Anyway I wasn't attacking you; I was arguing against the ideas presented, that we should "think about the men!" first when we're discussing women reporting sexual assault. The paragraph I deleted implied that anyone who holds this worldview either hasn't ever listened to a woman or is self-centered. I could've put it better, but frankly I was tired of arguing.

And I was fixing the record because you said "blackrose is exclusively thinking of rich and powerful men when framing his argument." Which is false, and I believe I offered good evidence for in my simple example.

Your second paragraph breaks the site guidelines. It's not ok to argue like that on HN, especially on divisive topics. If you have a substantive point to make, please make it thoughtfully; otherwise please don't comment until you do.

https://news.ycombinator.com/newsguidelines.html

https://news.ycombinator.com/newswelcome.html

Thanks dang. Removed.
Thanks!
> then you are deliberately stacking the deck against the specific men who are accused of sexual harassment, some of whom will invariably be innocent.

This is really a stretch in logic, and the oxymoronic "some of whom will invariably be innocent" gives away your motives on this topic.

Parent comment was saying we should give a little more credibility to reports that women make about sexual harassment in the workplace. It's a pretty good idea that would make everyone's lives better (even ours, the men!). But if your reaction to that mild suggestion is hostility and misleading arguments, you're contributing to the problem and encouraging more "manly" behavior that necessitates women's blog posts and company culture course-correction.

> This is really a stretch in logic

It's not even a tiny weeny little stretch of logic. It is self-evident to anybody who is thinking clearly about the matter.

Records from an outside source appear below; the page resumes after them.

Lemma bounded_continuous f K :
  islin f -> (forall x, `|f x| <= K * `|x|) -> continuous f.
Proof.
move=> hl hb x; apply/cvgrPdist_lt => e e0; apply/nbhs_normP.
have k0 : 0 < `|K| + 1 by rewrite ltr_wpDl.
exists (e / (`|K| + 1)) => /=; first by rewrite divr_gt0.
move=> z /= hz; rewrite -linB //; apply: (le_lt_trans (hb _)).
move: hz; rewrite ltr_pdivlMr // => hz; apply: le_lt_trans hz.
rewrite [X in _ <= X]mulrC; apply: ler_wpM2r => //.
by apply: le_trans (ler_norm K) _; rewrite lerDl.
Qed.

(* A continuous linear functional is bounded: continuity at 0 gives a ball of
   radius d on which |f| < 1, hence the bound 2/d. *)
Lemma continuous_bounded f : islin f -> continuous f -> is_bounded f.
Proof.
move=> hl hc; have := hc 0; rewrite /continuous_at (lin0 hl).
move=> /cvgrPdist_lt /(_ 1 ltr01) /nbhs_norm0P [d /= d0 hd].
exists (2 / d) => x; have [->|x0] := eqVneq x 0.
  by rewrite lin0 // normr0 normr0 mulr0.
have n0 : 0 < `|x| by rewrite normr_gt0.
(* t x lies in the ball of radius d, so t |f x| < 1 *)
pose t := d / (2 * `|x|).
have t0 : 0 < t by rewrite divr_gt0 // mulr_gt0.
have tx : t * `|x| = d / 2 by rewrite /t; field; rewrite gt_eqF.
have := hd (t *: x) => /=.
rewrite sub0r normrN normrZ gtr0_norm // tx linZ // normrM gtr0_norm //.
move=> /(_ _) lt1; have {}lt1 : t * `|f x| < 1 by apply: lt1; lra.
have -> : 2 / d * `|x| = t^-1 by rewrite /t; field; rewrite !gt_eqF.
by rewrite -(ler_pM2l t0) mulfV ?gt_eqF // ltW.
Qed.

Lemma dnorm_has_ubound f :
  is_bounded f -> has_ubound [set `|f x| | x in [set x : B | `|x| <= 1]].
Proof.
move=> [K hK]; exists `|K| => _ [x /= x1 <-]; apply: (le_trans (hK x)).
apply: (le_trans (ler_norm _)); rewrite normrM normr_id.
by apply: ler_piMr => //; rewrite normr_id.
Qed.

Lemma dnorm_ge0 f : is_bounded f -> 0 <= dnorm f.
Proof.
move=> hb; apply: (le_trans (normr_ge0 (f 0))); apply: ub_le_sup.
  exact: dnorm_has_ubound.
by exists 0 => //=; rewrite normr0.
Qed.

Lemma dnorm_le (f : B -> R) K : 0 <= K -> (forall x, `|f x| <= K * `|x|) -> dnorm f <= K.
Proof.
move=> K0 hK; apply: ge_sup; first by exists `|f 0|, 0 => //=; rewrite normr0.
by move=> _ [x /= x1 <-]; apply: (le_trans (hK x)); exact: ler_piMr.
Qed.

Lemma dnorm_bound f : islin f -> is_bounded f -> forall x, `|f x| <= dnorm f * `|x|.
Proof.
move=> hl hb x; have [->|x0] := eqVneq x 0.
  by rewrite lin0 // !normr0 mulr0.
have n0 : 0 < `|x| by rewrite normr_gt0.
have : `|f (`|x|^-1 *: x)| <= dnorm f.
  apply: ub_le_sup; first exact: dnorm_has_ubound.
  exists (`|x|^-1 *: x) => //=.
  by rewrite normrZ normrV ?unitfE ?gt_eqF // normr_id mulVf // gt_eqF.
by rewrite linZ // normrM normrV ?unitfE ?gt_eqF // normr_id ler_pdivrMl // mulrC.
Qed.

End LinearFunctionals.

Section DualSpace.
Context {R : realType} {B : normedModType R}.

Lemma dual_bounded (f : B -> R) : is_dual f -> is_bounded f.
Proof. by move=> [hl hc]; exact: continuous_bounded. Qed.

Lemma bounded_dual (f : B -> R) : islin f -> is_bounded f -> is_dual f.
Proof. by move=> hl [K hK]; split => //; exact: bounded_continuous hK. Qed.

Lemma dual_bound (f : B -> R) x : is_dual f -> `|f x| <= dnorm f * `|x|.
Proof. by move=> hf; apply: dnorm_bound; [exact: hf.1 | exact: dual_bounded]. Qed.

Lemma dual_ext (f g : B -> R) : (forall x, f x = g x) -> is_dual g -> is_dual f.
Proof. by move=> /funext ->. Qed.

Lemma dual0 : is_dual (fun _ : B => (0 : R)).
Proof.
apply: bounded_dual; first by move=> *; rewrite mulr0 addr0.
by exists 0 => x; rewrite normr0 mul0r.
Qed.

Lemma dual_comb a (f g : B -> R) : is_dual f -> is_dual g ->
  is_dual (fun x => a * f x + g x).
Proof.
move=> hf hg; apply: bounded_dual; first by move=> b x y; rewrite hf.1 hg.1; ring.
exists (`|a| * dnorm f + dnorm g) => x.
apply: (le_trans (ler_normD _ _)); rewrite normrM mulrDl -mulrA.
by apply: lerD; [apply: ler_wpM2l |]; rewrite ?normr_ge0 ?dual_bound.
Qed.

Definition lincomb m (nu : 'I_m -> B -> R) (c : 'I_m -> R) : B -> R :=
  fun x => \sum_(j < m) c j * nu j x.

Lemma dual_lincomb m (nu : 'I_m -> B -> R) (c : 'I_m -> R) :
  (forall j, is_dual (nu j)) -> is_dual (lincomb nu c).
Proof.
elim: m nu c => [|m IH] nu c hnu.
  by apply: (dual_ext _ dual0) => x; rewrite /lincomb big_ord0.
have hrest := IH _ (fun k => c (lift ord0 k)) (fun k => hnu (lift ord0 k)).
by apply: (dual_ext _ (dual_comb (c ord0) (hnu ord0) hrest)) => x;
  rewrite /lincomb big_ord_recl.
Qed.

Lemma dnorm0 : dnorm (fun _ : B => (0 : R)) = 0.
Proof.
apply/le_anti/andP; split; first by apply: dnorm_le => // x; rewrite normr0 mul0r.
exact: dnorm_ge0 (dual_bounded dual0).
Qed.

Lemma dnormD (f g : B -> R) : is_dual f -> is_dual g ->
  dnorm (fun x => f x + g x) <= dnorm f + dnorm g.
Proof.
move=> hf hg; apply: dnorm_le.
  by apply: addr_ge0; apply: dnorm_ge0; exact: dual_bounded.
move=> x; apply: (le_trans (ler_normD _ _)); rewrite mulrDl.
by apply: lerD; exact: dual_bound.
Qed.

End DualSpace.

Section HahnBanach.
Context {R : realType} {B : normedModType R}.
Variable K : R.
Hypothesis K0 : 0 <= K.

(* G is the graph of a linear functional defined on a subspace of B and
   dominated there by K ||x||. *)
Definition dom_graph (G : set (B * R)) :=
  [/\ G (0, 0),
      (forall a p q, G p -> G q -> G (a *: p.1 + q.1, a * p.2 + q.2)),
      (forall x a b, G (x, a) -> G (x, b) -> a = b) &
      (forall x a, G (x, a) -> a <= K * `|x|)].

Section OneStepExtension.
Variables (G : set (B * R)) (x0 : B).
Hypothesis G_dom : dom_graph G.

Definition graph_ext (c : R) : set (B * R) :=
  fun q => exists t p, G p /\ q = (t *: x0 + p.1, t * c + p.2).

(* Domination forces a - K ||d - x0|| <= c <= K ||d' + x0|| - a' for all
   points (d, a), (d', a') of G; such a c exists by the triangle inequality. *)
Lemma ext_value : exists c,
  (forall d a, G (d, a) -> a - K * `|d - x0| <= c) /\
  (forall d a, G (d, a) -> c <= K * `|d + x0| - a).
Proof.
case: G_dom => G00 Gcl _ Gdom.
pose S := [set p.2 - K * `|p.1 - x0| | p in G].
have Sub d' a' : G (d', a') -> ubound S (K * `|d' + x0| - a').
  move=> Gd _ [[d a] /= Gp <-].
  have := Gdom _ _ (Gcl 1 _ _ Gp Gd); rewrite /= scale1r mul1r => h.
  have : `|d + d'| <= `|d - x0| + `|d' + x0|.
    by have := ler_normD (d - x0) (d' + x0); rewrite addrACA addNr addr0.
  move=> /(ler_wpM2l K0); rewrite mulrDr => h2; lra.
have Sne : S !=set0 by exists (0 - K * `|0 - x0|), (0, 0).
have Shu : has_ubound S by exists (K * `|0 + x0| - 0); exact: Sub.
exists (sup S); split => [d a Gd | d' a' Gd].
- by apply: ub_le_sup => //; exists (d, a).
- by apply: ge_sup => //; exact: Sub.
Qed.

Lemma graph_ext_functional c : ~ (exists a, G (x0, a)) ->
  forall x a b, graph_ext c (x, a) -> graph_ext c (x, b) -> a = b.
Proof.
case: G_dom => G00 Gcl Gfun _ nx0 x a b.
move=> [t [[d u] [Gp [ex ->]]]] [t' [[d' u'] [Gp' [ex' ->]]]] /=.
rewrite /= in ex ex'.
have e : t *: x0 + d = t' *: x0 + d' by rewrite -ex -ex'.
have [tt'|tt'] := eqVneq t t'.
  move: e Gp'; rewrite -tt' => e.
  by rewrite -(addrI _ e) => /(Gfun _ _ _ Gp) ->.
(* otherwise x0 = (t - t')^-1 (d' - d) would lie in the domain of G *)
exfalso; apply: nx0.
have Gdd := Gcl (-1) _ _ Gp Gp'; rewrite /= scaleN1r mulN1r in Gdd.
have Gs := Gcl ((t - t')^-1) _ _ Gdd G00; rewrite /= !addr0 in Gs.
eexists; suff -> : x0 = (t - t')^-1 *: (- d + d') by exact: Gs.
apply: (@scalerI _ _ (t - t')); first by rewrite subr_eq0.
rewrite scalerA mulfV ?subr_eq0 // scale1r scalerBl.
have -> : t *: x0 = t' *: x0 + (- d + d').
  by apply: (addIr d); rewrite e -!addrA; congr (_ + _); rewrite addrC addrK.
by rewrite addrC addKr.
Qed.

> Parent comment was saying we should give a little more credibility to reports that women make about sexual harassment in the workplace.

No. Wrong. Parent comment said "believe women who...", not "give a little more credibility to reports that women make about sexual harassment". Do you understand how those two statements are different? Your one doesn't even make sense. Crediblity is "the quality of being believable or worthy of trust". Credence is probably the word you were thinking of. I don't think I'm smarter than you, but these sorts of mistakes do go to show that you are not thinking clearly.

> It's a pretty good idea that would make everyone's lives better

Not the falsely accused. They are men too, right?

> But if your reaction to that mild suggestion is hostility and misleading arguments, you're contributing to the problem and encouraging more "manly" behavior that necessitates women's blog posts and company culture course-correction.

The suggestion is not mild. My reaction was not hostile. My arguments were not misleading. I'm not contributing to the problem of some men being sexual harassers, except perhaps at some absurdly theoretically removed degree, which would leave me damned for pretty much any I comment I could make. I'm not encouraging manly, or even "manly" behaviour. My comments don't necessitate women's blog posts, if by that you are referring to Fowlers call-out. The latter is in fact an absurd charge against me on a personal level, as I'm sure you would recognize after mature reflection. That I necessitate company culture course-correction is likewise absurd, though flattering.

> Parent comment said "believe women who..."

Luckily we have the power of inference and ability to understand what statements mean even when people use different words -- unless, of course, we have an axe to grind, which is what I'm seeing here in your comments.

Your counter arguments haven't convinced me. But it was nice discussing this. Hopefully others will see this thread and make their own decisions.

I can see you're trying to rise above your instincts here, and that is a good effort. However, you should have left out the parting shot about the axe.